The feature matrices of the external audio signal and the internal audio signal are compared with each other through a DTW algorithm to judge the similarity of the two signals.
The video file of the picture annotation and pronunciation contains the graphic and text description of the voice correction method, and is matched with the voice explanation correction operation and the explanation real operation audio image.
The storage module also stores speech stream training materials, and the speech stream training materials are used for mandarin speech stream training.
The phonemes comprise vowels and consonants, and the syllables comprise initials and finals.
The vowels and consonants include six unit-tone vowels, eighteen complex vowel vowels and twenty-one consonant initials.
The working principle is as follows: the stored standard pronunciation audio is stored in a folder in advance, the database only stores respective paths of the standard pronunciation audio, the stored standard pronunciation audio is presented to a user for clicking one by one through a circular traversal method, when the user clicks and plays the corresponding audio, the stored standard pronunciation audio is heard, the user can read after hearing the corresponding audio, the system can record the voice spoken by the user and store the voice as an external audio signal, and simultaneously the clicked and played audio is recorded as an internal audio signal. The external audio signal and the internal audio signal are processed through Fourier transform and a window function to obtain an energy spectrum of an audio clip, the energy spectrum of the audio clip is extracted into chroma eigenvectors of each frame, and the chroma eigenvectors form a chroma eigenvector group, and finally respective feature matrixes are obtained. Then, the feature matrices of the external audio signal and the internal audio signal are compared for their similarity by the DTW algorithm, thereby judging the similarity of the two signals. After the comparison of the DTW algorithm, the external audio signal is used as a reference, the similarity is correspondingly recorded, a series of information is stored and generated, the accuracy of the pronunciation of the user is judged according to the fact that the value of the similarity reaches a given value, and finally an evaluation report information is formed and displayed to the user.
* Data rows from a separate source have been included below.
Let transfer_measure_ge0 k A : 0 <= transfer_measure k A.
Proof. by apply: integral_ge0 => x _; rewrite lee_fin transfer_ge0. Qed.

Let transfer_measure_sigma_additive k : semi_sigma_additive (transfer_measure k).
Proof.
apply: semi_sigma_additive_nng_induced; last by move=> x; rewrite lee_fin transfer_ge0.
by apply/measurable_EFinP; exact: measurable_transfer.
Qed.

HB.instance Definition _ k := isMeasure.Build _ _ _ (transfer_measure k)
  (transfer_measure0 k) (transfer_measure_ge0 k) (transfer_measure_sigma_additive k).

Definition shift_graph k (x : T) : T * T := (x, x - s k)%R.

Lemma measurable_shift_graph k : measurable_fun [set: T] (shift_graph k).
Proof. by apply: measurable_fun_pair => //; exact: (measurable_addr (- s k)). Qed.

Definition transfer_plan k := pushforward (transfer_measure k) (shift_graph k).

Let transfer_plan0 k : transfer_plan k set0 = 0.
Proof. exact: transfer_measure0. Qed.

Let transfer_plan_ge0 k A : 0 <= transfer_plan k A.
Proof. exact: transfer_measure_ge0. Qed.

Let transfer_plan_sigma_additive k : semi_sigma_additive (transfer_plan k).
Proof.
have := @measure_semi_sigma_additive _ _ _ (pushforward (transfer_measure k) (shift_graph k)).
by apply; exact: measurable_shift_graph.
Qed.

HB.instance Definition _ k := isMeasure.Build _ _ _ (transfer_plan k)
  (transfer_plan0 k) (transfer_plan_ge0 k) (transfer_plan_sigma_additive k).

Definition coupling := mseries transfer_plan 0.
HB.instance Definition _ := Measure.copy coupling (mseries transfer_plan 0).

Lemma coupling_fst A : measurable A ->
  coupling (fst @^-1` A) = \int[leb]_(x in A) (f x)%:E.
Proof. by move=> mA; rewrite -integral_sent_f// integral_sent. Qed.

Lemma coupling_snd A : measurable A ->
  coupling (snd @^-1` A) = \int[leb]_(y in A) (g y)%:E.
Proof.
move=> mA; rewrite -integral_received_g// integral_received//; apply: eq_eseriesr => k _.
rewrite -(ge0_integral_addr (- s k) A (fun y => (transfer k (y + s k))%:E))//.
- by apply: eq_integral => x _; rewrite subrK.
- by apply/measurable_EFinP; apply: measurable_funTS; exact: measurable_transfer_addr.
- by move=> y _; rewrite lee_fin transfer_ge0.
Qed.

Lemma coupling_setT : coupling setT = 1.
Proof. by rewrite -(preimage_setT fst) coupling_fst. Qed.

HB.instance Definition _ := Measure_isProbability.Build _ _ _ coupling coupling_setT.

Lemma coupling_shift_support : {ae coupling, forall w, exists n, w.1 - w.2 = s n}%R.
Proof.
pose D (w : T * T) := (w.1 - w.2)%R.
have mD : measurable_fun [set: T * T] D.
  exact: measurable_funB measurable_fst measurable_snd.
exists (~` \bigcup_n (D @^-1` [set s n])); split.
- apply/measurableC/bigcupT_measurable => n; rewrite -[X in measurable X]setTI.
  exact: mD (measurable_set1 _).
- apply: eseries0 => k _ _; rewrite -(transfer_measure0 k); congr (transfer_measure k _).
  by apply/seteqP; split => // x /=; apply; exists k => //; rewrite /D /= opprB addrC subrK.
- by move=> w /= nw [n _ Dw]; apply: nw; exists n.
Qed.

Lemma exists_shift_coupling :
  exists (P : probability (T * T)%type R) (X Y : {RV P >-> T}),
  [/\ forall A, measurable A -> distribution P X A = \int[leb]_(x in A) (f x)%:E,
      forall A, measurable A -> distribution P Y A = \int[leb]_(y in A) (g y)%:E &
      {ae P, forall w, exists n, X w - Y w = s n}%R].
Proof.
pose X : {mfun (T * T)%type >-> T} :=
  HB.pack (@fst T T) (isMeasurableFun.Build _ _ _ _ (@fst T T) measurable_fst).
pose Y : {mfun (T * T)%type >-> T} :=
  HB.pack (@snd T T) (isMeasurableFun.Build _ _ _ _ (@snd T T) measurable_snd).
exists coupling, X, Y; split; [exact: coupling_fst | exact: coupling_snd |].
exact: coupling_shift_support.
Qed.

End greedy_transport.

Lemma probability_lebesgue_density {R : realType} (mu : probability (measurableTypeR R) R) :
  mu `<< (@lebesgue_measure R) ->
  exists f : R -> R, [/\ measurable_fun [set: R] f, forall x, (0 <= f x)%R,
    (\int[lebesgue_measure]_x (f x)%:E = 1)%E &
    forall A, measurable A -> mu A = (\int[lebesgue_measure]_(x in A) (f x)%:E)%E].
Proof.
move=> mu_leb; pose F := Radon_Nikodym_SigmaFinite.f mu (@lebesgue_measure R).
have FE x : F x = (fine (F x))%:E.
  by rewrite fineK//; exact: Radon_Nikodym_SigmaFinite.f_fin_num.
have muE A : measurable A -> mu A = (\int[lebesgue_measure]_(x in A) (fine (F x))%:E)%E.
  move=> mA; rewrite (Radon_Nikodym_SigmaFinite.f_integral mu_leb)//.
  by apply: eq_integral => x _; rewrite -FE.
exists (fine \o F); split => //.
- apply: measurableT_comp => //.
  exact: measurable_int (Radon_Nikodym_SigmaFinite.f_integrable mu_leb).
- by move=> x; apply: fine_ge0; exact: Radon_Nikodym_SigmaFinite.f_ge0.
- by rewrite -muE// probability_setT.
Qed.

Theorem corollary8p6 (R : realType)
    (mu nu : probability (measurableTypeR R) R)
    (hmu : mu `<< (@lebesgue_measure R))
    (hnu : nu `<< (@lebesgue_measure R)) :
  exists (d : measure_display) (Omega : measurableType d)
         (P : probability Omega R) (X Y : {RV P >-> measurableTypeR R}),
    (forall A : set (measurableTypeR R), measurable A ->
       distribution P X A = mu A) /\
    (forall A : set (measurableTypeR R), measurable A ->
       distribution P Y A = nu A) /\
    {ae P, forall w, exists q : rat, X w - Y w = ratr q}.
Proof.
have [f [mf f0 intf muE]] := probability_lebesgue_density _ hmu.
have [g [mg g0 intg nuE]] := probability_lebesgue_density _ hnu.
pose s n : R := ratr (odflt 0%Q (unpickle n)).
have s_meet (A B : set R) : measurable A -> measurable B ->
    (0 < lebesgue_measure A)%E -> (0 < lebesgue_measure B)%E ->
    exists n x, A x /\ B (x - s n).
  move=> mA mB A0 B0; have [q [x [Ax Bx]]] := exists_rat_translate_meet _ _ mA mB A0 B0.
  by exists (pickle q), x; rewrite /s pickleK.
have [P [X [Y [PX PY XY]]]] :=
  exists_shift_coupling _ _ _ f0 g0 mf mg s_meet intf intg.
exists _, _, P, X, Y; split; [|split].
- by move=> A mA; rewrite PX ?muE.
- by move=> A mA; rewrite PY ?nuE.
- by apply: filterS XY => w [n ->]; exists (odflt 0%Q (unpickle n)).
Qed.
Wherein the language barrier assessment content comprises:
1. unit tone and vowel: a. o, e, i, u
2. Complex vowel and vowel: ai ei ui ao ou iu ie ue er
First nasal sound and final: an en in un u n
Last nasal sound: ang eng ing ong
3. Consonant consonants: lips sound b, p, m; lip and tongue tip pronunciations f, z, c, s; tongue tip medians d, t, n, l; tongue tip back sounds zh, ch, sh, r; lingual surface sounds j, q, x; tongue root sounds g, k, h.
Note: the correct pronunciations of the 6 unit tones and the finals, the 18 complex vowels and the finals and the 21 consonants are recorded and stored as the video file of the picture annotation and the pronunciations, and the user can follow the reading by referring to the correct pronunciations.
The language disorder correction contents include
Step one, dysarthria correction: phoneme (vowel and consonant) -syllable (consisting of initial and final) -the evaluation system re-evaluates syllable pronunciation until pronunciation criteria are correct;
1. correction of vowels and consonants: for 6 unit sounds and finals, 18 compound vowels and finals and the like and 21 consonants and initials, the specific voice correction method graphic description of each final and initial is recorded, and a user learns and corrects a wrong pronunciation mode by matching with voice explanation and correction operation and explanation of real operation voice images.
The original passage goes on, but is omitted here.